Smith v. Bennett
This text of 17 Wend. 479 (Smith v. Bennett) is published on Counsel Stack Legal Research, covering New York Supreme Court primary law. Counsel Stack provides free access to over 12 million legal documents including statutes, case law, regulations, and constitutions.
Opinion
By the Court,
The statute requires that the petition shall be signed by the insolvent and the creditors who unite in it (2 R. S. 16, §3). The plea alleges that the insolvent, in conjunction with his creditors, did present a petition, praying, &c. It is necessarily implied in this allegation, that the parties to the petition,assented to the matters contained in it. The plea is in this respect sufficient—especially after verdict.
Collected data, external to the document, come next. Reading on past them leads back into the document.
(* Let $G$ be countably infinite and let $L:G\to[0,\infty)$ be proper. (1) If $G$ has polynomial H-growth with respect to $L$, then there exists $s_0>0$ such that $(G,\sigma)$ is $(1+L)^{s_0}$-decaying for every normalized 2-cocycle $\sigma$ (in particular, if $L$ is a length function, $G$ has the $\sigma$-twisted rapid decay property w.r.t. $L$). (2) If $G$ has subexponential H-growth with respect to $L$, then $(G,\sigma)$ is $a^L$-decaying for every $a>1$ and every normalized 2-cocycle $\sigma$.
   Context: $G$ is a discrete group, $\sigma:G\times G\to\mathbb{T}$ a normalized 2-cocycle ($\sigma(g,h)\sigma(gh,k)=\sigma(h,k)\sigma(g,hk)$, $\sigma(g,e)=\sigma(e,g)=1$), $\Lambda_\sigma(g)$ the unitary on $\ell^2(G)$ with $(\Lambda_\sigma(g)\xi)(h)=\sigma(g,g^{-1}h)\xi(g^{-1}h)$, $\lambda=\Lambda_1$, $C^*_r(G,\sigma)$ the operator-norm closed $*$-algebra generated by $\Lambda_\sigma(G)$. $\mathcal{K}(G)$ = finitely supported functions, $\pi_\sigma(f)=\sum_g f(g)\Lambda_\sigma(g)$, $\pi_\lambda=\pi_1$. A function $L:G\to[0,\infty)$ is proper if $L^{-1}([0,t])$ is finite for all $t\ge0$. For finite nonempty $E\subseteq G$, the Haagerup content is $c(E)=\sup\{\|\pi_\lambda(f)\|\mid f\in\mathcal{K}(G),\ \mathrm{supp}f\subseteq E,\ \|f\|_2=1\}$. With $B_{r,L}=\{g\in G\mid L(g)\le r\}$: $G$ has polynomial H-growth w.r.t. $L$ if there are $K,p>0$ with $c(B_{r,L})\le K(1+r)^p$ for all $r\ge0$; $G$ has subexponential H-growth w.r.t. $L$ if for every $b>1$ there is $r_0$ with $c(B_{r,L})<b^r$ for all $r\ge r_0$. For $\kappa:G\to[1,\infty)$, $\|\xi\|_{2,\kappa}=\|\xi\kappa\|_2$; $(G,\sigma)$ is $\kappa$-decaying if $f\mapsto\pi_\sigma(f)$ is bounded from $(\mathcal{K}(G),\|\cdot\|_{2,\kappa})$ to $C^*_r(G,\sigma)$ with operator norm. A length function satisfies $L(e)=0$, $L(g^{-1})=L(g)$, $L(gh)\le L(g)+L(h)$; $G$ has the $\sigma$-twisted rapid decay property w.r.t. a length function $L$ if $(G,\sigma)$ is $(1+L)^{s}$-decaying for some $s>0$. *)

From HB Require Import structures.
From mathcomp Require Import all_boot all_order all_algebra.
From mathcomp Require Import all_classical all_reals all_analysis.
From mathcomp Require Import complex.
Set Implicit Arguments. Unset Strict Implicit. Unset Printing Implicit Defensive.
Import Order.TTheory GRing.Theory Num.Theory.
Local Open Scope classical_set_scope.
Local Open Scope ring_scope.

Section Defs.
Variables (R : realType) (G : groupType).
Local Notation C := R[i].

Definition countably_infinite : Prop := exists e : nat -> G, bijective e.

Definition supp (f : G -> C) : set G := [set g | f g != 0].
Definition finsupp (f : G -> C) : Prop := finite_set (supp f).

Definition cocycle (sigma : G -> G -> C) : Prop :=
  [/\ (forall g h, Normc.normc (sigma g h) = 1),
      (forall g h k, sigma g h * sigma (g * h)%g k = sigma h k * sigma g (h * k)%g) &
      (forall g, sigma g 1%g = 1 /\ sigma 1%g g = 1)].

(* trivial cocycle, giving the left regular representation lambda *)
Definition trivial_cocycle : G -> G -> C := fun _ _ => 1.

Definition l2sq (xi : G -> C) : \bar R :=
  \esum_(g in [set: G]) ((Normc.normc (xi g)) ^+ 2)%:E.
Definition is_l2 (xi : G -> C) : Prop := (l2sq xi < +oo)%E.
Definition l2norm (xi : G -> C) : \bar R :=
  match l2sq xi with
  | EFin r => (Num.sqrt r)%:E
  | _ => +oo%E
  end.

Definition Lambda (sigma : G -> G -> C) (g : G) (xi : G -> C) : G -> C :=
  fun h => sigma g (g^-1 * h)%g * xi (g^-1 * h)%g.

Definition pi (sigma : G -> G -> C) (f : G -> C) (xi : G -> C) : G -> C :=
  fun h => \sum_(g \in supp f) f g * Lambda sigma g xi h.

Definition opnorm (sigma : G -> G -> C) (f : G -> C) : \bar R :=
  ereal_sup [set l2norm (pi sigma f xi) |
             xi in [set xi | is_l2 xi /\ (l2norm xi <= 1)%E]].

Definition haagerup (E : set G) : \bar R :=
  ereal_sup [set opnorm trivial_cocycle f |
             f in [set f | finsupp f /\ supp f `<=` E /\ l2norm f = 1%E]].
Lemma C1_of_derive (f df : R -> R) :
  (forall x, is_derive f x (df x)) -> (forall x, ex_derive df x) -> C1 f.
Proof.
  intros Hf Hdf; exists df; split; auto.
  intro x; destruct (Hdf x) as [l Hl]; apply (continuous_of_is_derive df x l Hl).
Qed.

Lemma C1_plus (f g : R -> R) : C1 f -> C1 g -> C1 (fun x => f x + g x).
Proof.
  intros [df [Hf Hfc]] [dg [Hg Hgc]]; exists (fun x => df x + dg x); split.
  - intro x; apply (is_derive_plus f g); auto.
  - intro x; apply (continuous_plus df dg); auto.
Qed.

Lemma C1_minus (f g : R -> R) : C1 f -> C1 g -> C1 (fun x => f x - g x).
Proof.
  intros [df [Hf Hfc]] [dg [Hg Hgc]]; exists (fun x => df x - dg x); split.
  - intro x; apply (is_derive_minus f g); auto.
  - intro x; apply (continuous_minus df dg); auto.
Qed.

Lemma C1_mult (f g : R -> R) : C1 f -> C1 g -> C1 (fun x => f x * g x).
Proof.
  intros [df [Hf Hfc]] [dg [Hg Hgc]]; exists (fun x => df x * g x + f x * dg x); split.
  - intro x; apply (is_derive_mult f g x (df x) (dg x)); auto; intros; apply Rmult_comm.
  - intro x; apply (continuous_plus (fun x => df x * g x) (fun x => f x * dg x));
      apply (continuous_mult (K := R_AbsRing)); auto;
      eapply continuous_of_is_derive; [apply Hg | apply Hf].
Qed.

Lemma continuous_of_C1_derive (f l : R -> R) :
  C1 f -> (forall x, is_derive f x (l x)) -> forall x, continuous l x.
Proof.
  intros [df [Hdf Hc]] Hl x; apply (continuous_ext df).
  - intro y; rewrite <- (is_derive_unique _ _ _ (Hdf y)); apply is_derive_unique, Hl.
  - apply Hc.
Qed.

Lemma C1_exp_cos (a b : R) : C1 (fun t => exp (a * t) * cos (b * t)).
Proof.
  apply (C1_of_derive _ (fun t => a * exp (a * t) * cos (b * t) - b * exp (a * t) * sin (b * t)));
    intro x; [auto_derive; [auto | ring] | auto_derive; auto].
Qed.

Lemma C1_exp_sin (a b : R) : C1 (fun t => exp (a * t) * sin (b * t)).
Proof.
  apply (C1_of_derive _ (fun t => a * exp (a * t) * sin (b * t) + b * exp (a * t) * cos (b * t)));
    intro x; [auto_derive; [auto | ring] | auto_derive; auto].
Qed.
The second objection to the plea is fatal. The first clause of the 30th section of the statute, which declares the effect of the discharge, only extends to debts founded upon contracts, and if the last clause includes debts growing out of torts, it is restricted to such debts as are owing to persons “ resident within this state at the time of the first publication of the notice of the application for the discharge, or owing to persons not residing within this state, who united in the petition for his discharge, or who shall accept a dividend from his estate.” There is no averment in the plea that the plaintiff in the judgment, or the assignees who bring this action, ever resided within this state, or that they united in the petition, or accepted a dividend. As there was no averment whatever on the subject, we can not presume that any thing was proved on the trial. The defect is not cured by the verdict (Addington v. Allen, 11 Wendell, 374).
It is of course unnecessary to consider the other objection made on the argument. Motion granted.